Definition planar (T : finType) (e : rel T) : Prop :=
  exists (p : T -> R * R) (g : T -> T -> R -> R * R),
    injective p /\
    (forall x y, e x y ->
       arc_continuous (g x y) /\ arc_injective (g x y) /\
       g x y 0 = p x /\ g x y 1 = p y /\
       (forall t, in01 t -> g y x t = g x y (1 - t))) /\
    (forall x y z s, e x y -> 0 < s < 1 -> g x y s <> p z) /\
    (forall x y x' y' s t, e x y -> e x' y' ->
       ~ ((x = x' /\ y = y') \/ (x = y' /\ y = x')) ->
       0 < s < 1 -> in01 t -> g x y s <> g x' y' t).

Close Scope R_scope.

(* Vertices: None = u, Some None = v, Some (Some (i,false)) = x_i,
   Some (Some (i,true)) = y_i, for i : 'I_m (indices 1..m shifted to 0..m-1). *)
Definition hvert (m : nat) : finType := option (option ('I_m * bool)).

Definition hedge (m : nat) : rel (hvert m) := fun a b =>
  match a, b with
  | None, Some _ => true
  | Some _, None => true
  | Some None, Some (Some _) => true
  | Some (Some _), Some None => true
  | Some (Some (i, b1)), Some (Some (j, b2)) => (i == j) && (b1 != b2)
  | _, _ => false
  end.
Arguments hedge : clear implicits.

From Stdlib Require Import Reals Lra.
From mathcomp Require Import all_boot zify.

Set Implicit Arguments.
Unset Strict Implicit.
Unset Printing Implicit Defensive.

(* Each pair (x_i, y_i) sees the colours (a, b) of (u, v) and
   uses an offset t = phi_i(a, b) < 6: x_i guesses c(y_i) + 2t and y_i guesses
   c(x_i) + 2t + 1 (mod 12); for every colouring of the pair one of the six
   offsets is correct.  As the tables phi_i run over all 6^144 functions, at
   most five pairs (a, b) leave every x_i, y_i wrong; u and v see all pairs,
   know these five pairs, and any five pairs can be "covered" by a guess of u
   from b and a guess of v from a (a small combinatorial lemma).

   With q >= 13 colours restrict u to two and v to three
   colours; a counting argument colours every pair so that it always guesses
   wrong, and then u and v can be fooled by pigeonhole. *)

Section Covering.
Variable T : finType.
Implicit Types (S : {set T * T}) (F G : T -> T).

Definition covers S F G : bool :=
  [forall p in S, (p.1 == F p.2) || (p.2 == G p.1)].

Lemma covers_grid S a1 a2 b1 b2 :
  (forall p, p \in S -> ((p.1 == a1) || (p.1 == a2)) && ((p.2 == b1) || (p.2 == b2))) ->
  covers S (fun b => if b == b1 then a1 else a2) (fun a => if a == a1 then b2 else b1).
Proof.
move=> grid; apply/forall_inP => -[a b] /grid /andP [/= ha hb].
case/orP: ha => /eqP ->; case/orP: hb => /eqP ->; rewrite ?eqxx ?orbT //=.
all: by case: (eqVneq a2 a1) => [e|_]; case: (eqVneq b2 b1) => [e'|_];
  rewrite ?e ?e' ?eqxx ?orbT.
Qed.

Definition lonely (Y : finType) (pr : T * T -> Y) S p : bool :=
  [forall q in S, (pr q == pr p) ==> (q == p)].

Lemma covers_add_snd S F G p :
  p \in S -> lonely snd S p ->
  covers (S :\ p) F G -> covers S (fun b => if b == p.2 then p.1 else F b) G.
Proof.
move=> pS /forall_inP lon /forall_inP cov; apply/forall_inP => q qS.
case: (eqVneq q.2 p.2) => [e|ne].
  by move: (lon q qS); rewrite e eqxx => /eqP ->; rewrite !eqxx.
by apply: cov; rewrite !inE qS andbT; apply: contraNneq ne => ->.
Qed.

Lemma covers_add_fst S F G p :
  p \in S -> lonely fst S p ->
  covers (S :\ p) F G -> covers S F (fun a => if a == p.1 then p.2 else G a).
Proof.
move=> pS /forall_inP lon /forall_inP cov; apply/forall_inP => q qS.
case: (eqVneq q.1 p.1) => [e|ne].
  by move: (lon q qS); rewrite e eqxx => /eqP ->; rewrite !eqxx orbT.
by apply: cov; rewrite !inE qS andbT; apply: contraNneq ne => ->.
Qed.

EXERCISE PROMPT -
Reproduce exactly the entries above, limited to the lines from the one with "Some (Some (i,true))" through the one with "[forall p in", both included.

SOLUTION BELOW -
   Some (Some (i,true)) = y_i, for i : 'I_m (indices 1..m shifted to 0..m-1). *)
Definition hvert (m : nat) : finType := option (option ('I_m * bool)).

Definition hedge (m : nat) : rel (hvert m) := fun a b =>
  match a, b with
  | None, Some _ => true
  | Some _, None => true
  | Some None, Some (Some _) => true
  | Some (Some _), Some None => true
  | Some (Some (i, b1)), Some (Some (j, b2)) => (i == j) && (b1 != b2)
  | _, _ => false
  end.
Arguments hedge : clear implicits.

From Stdlib Require Import Reals Lra.
From mathcomp Require Import all_boot zify.

Set Implicit Arguments.
Unset Strict Implicit.
Unset Printing Implicit Defensive.

(* Each pair (x_i, y_i) sees the colours (a, b) of (u, v) and
   uses an offset t = phi_i(a, b) < 6: x_i guesses c(y_i) + 2t and y_i guesses
   c(x_i) + 2t + 1 (mod 12); for every colouring of the pair one of the six
   offsets is correct.  As the tables phi_i run over all 6^144 functions, at
   most five pairs (a, b) leave every x_i, y_i wrong; u and v see all pairs,
   know these five pairs, and any five pairs can be "covered" by a guess of u
   from b and a guess of v from a (a small combinatorial lemma).

   With q >= 13 colours restrict u to two and v to three
   colours; a counting argument colours every pair so that it always guesses
   wrong, and then u and v can be fooled by pigeonhole. *)

Section Covering.
Variable T : finType.
Implicit Types (S : {set T * T}) (F G : T -> T).

Definition covers S F G : bool :=
  [forall p in S, (p.1 == F p.2) || (p.2 == G p.1)].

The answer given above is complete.